For k=31, m=11, the observed maximum is ~46 kmers per chunk — well within the 127-kmer u7 capacity. The structural maximum from superkmer construction is k − m + 1 = 21 kmers/unitig; longer unitigs arise from paths spanning more than one superkmer.
ptr_hash configuration
type Mphf = PtrHash<
u64, // key type: canonical kmer raw encoding
CubicEps, // bucket fn: 2.4 bits/key, λ=3.5, α=0.99
CachelineEfVec<Vec<CachelineEf>>, // remap: 11.6 bits/entry (Elias-Fano)

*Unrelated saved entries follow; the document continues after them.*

(* [f] is the discrete logarithm to a generator of the cyclic group [F^*],
   followed by exponentiation of a primitive root of unity of the same order
   in [algC]; [f 0 = 0]. *)
Lemma finField_mul_embedding (F : finFieldType) :
  exists f : F -> algC, {morph f : x y / x * y} /\ forall x, (f x == 1) = (x == 1).
Proof.
have [R pR] := finField_prim_root F; set N := #|F|.-1 in pR.
have [z pz] := C_prim_root_exists (prim_order_gt0 pR).
have eq_expr i k : (z ^+ i == z ^+ k) = (R ^+ i == R ^+ k).
  by rewrite (eq_prim_root_expr pz) (eq_prim_root_expr pR).
have /fin_all_exists[dlog dlogK] : forall x : F, exists j, x != 0 -> R ^+ j = x.
  move=> x; case: (eqVneq x 0) => [-> | x_neq0]; first by exists 0%N.
  by have [j ->] := prim_rootP pR (finField_unit_expr x_neq0); exists j.
exists (fun x => if x == 0 then 0 else z ^+ dlog x); split.
  move=> x y; rewrite mulf_eq0.
  have [->|x_neq0] := eqVneq x 0; first by rewrite /= mul0r.
  have [->|y_neq0] := eqVneq y 0; first by rewrite orbT mulr0.
  by apply/eqP; rewrite -exprD eq_expr exprD !dlogK ?mulf_neq0.
move=> x; have [->|x_neq0] := eqVneq x 0.
  by rewrite eq_sym oner_eq0 eq_sym oner_eq0.
by rewrite -[1 in LHS](expr0 z) eq_expr expr0 dlogK.
Qed.

Section PrimRootFpExponent.

Variables (R : nzRingType) (p : nat) (zeta : R).
Hypotheses (p_pr : prime p) (pzeta : p.-primitive_root zeta).

Lemma expr_Fp_inj : injective (fun x : 'F_p => zeta ^+ x).
Proof.
have lt_Fp_p (x : 'F_p) : (x < p)%N by rewrite -[p in (_ < p)%N](Fp_cast p_pr).
by move=> x y /eqP; rewrite (eq_prim_root_expr pzeta) !modn_small // => /eqP/val_inj.
Qed.

Lemma expr_FpM (x y : 'F_p) : zeta ^+ (x * y)%R = zeta ^+ (x * y).
Proof.
rewrite -[in LHS](natr_Zp x) -[in LHS](natr_Zp y) -natrM.
by rewrite val_Fp_nat // prim_expr_mod.
Qed.

Lemma expr_Fp1 : zeta ^+ (1 : 'F_p)%R = zeta.
Proof.
by have := val_Fp_nat p_pr 1; rewrite mulr1n => ->; rewrite prim_expr_mod ?expr1.
Qed.

End PrimRootFpExponent.

Section GaloisRootsOfUnity.

Variables (F : fieldType) (L : splittingFieldType F) (E : {subfield L}).

Lemma gal_expg_expr (g : gal_of E) x i k :
  x \in E -> g x = x ^+ i -> (g ^+ k)%g x = x ^+ (i ^ k).
Proof.
move=> xE gx; elim: k => [|k IHk]; first by rewrite expg0 gal_id expn0 expr1.
by rewrite expgSr galM // IHk rmorphXn /= gx -exprM expnS.
Qed.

Xx64, // hasher: XXH3-64 with seed
Vec<u8>, // pilots
>;
Xx64 is chosen over FxHash because canonical kmer raw values are left-aligned u64 with structural zeros in the low bits (42 zeros for k=11, 2 zeros for k=31), which single-multiply hashes distribute poorly.
CubicEps with PtrHashParams::<CubicEps>::default() (λ=3.5) is a balanced tradeoff: 2× slower construction than Linear/λ=3.0, 20% less space.
Query path
pub fn query(&self, kmer: CanonicalKmer) -> Option<Hit<D::Item>> {
self.mphf.find(kmer).map(|slot| Hit { slot, data: self.data.read(slot) })
}
MphfLayer::find probes the MPHF, decodes evidence, and verifies the kmer — returning Some(slot) on match, None otherwise. data.read(slot) is called only on a confirmed hit.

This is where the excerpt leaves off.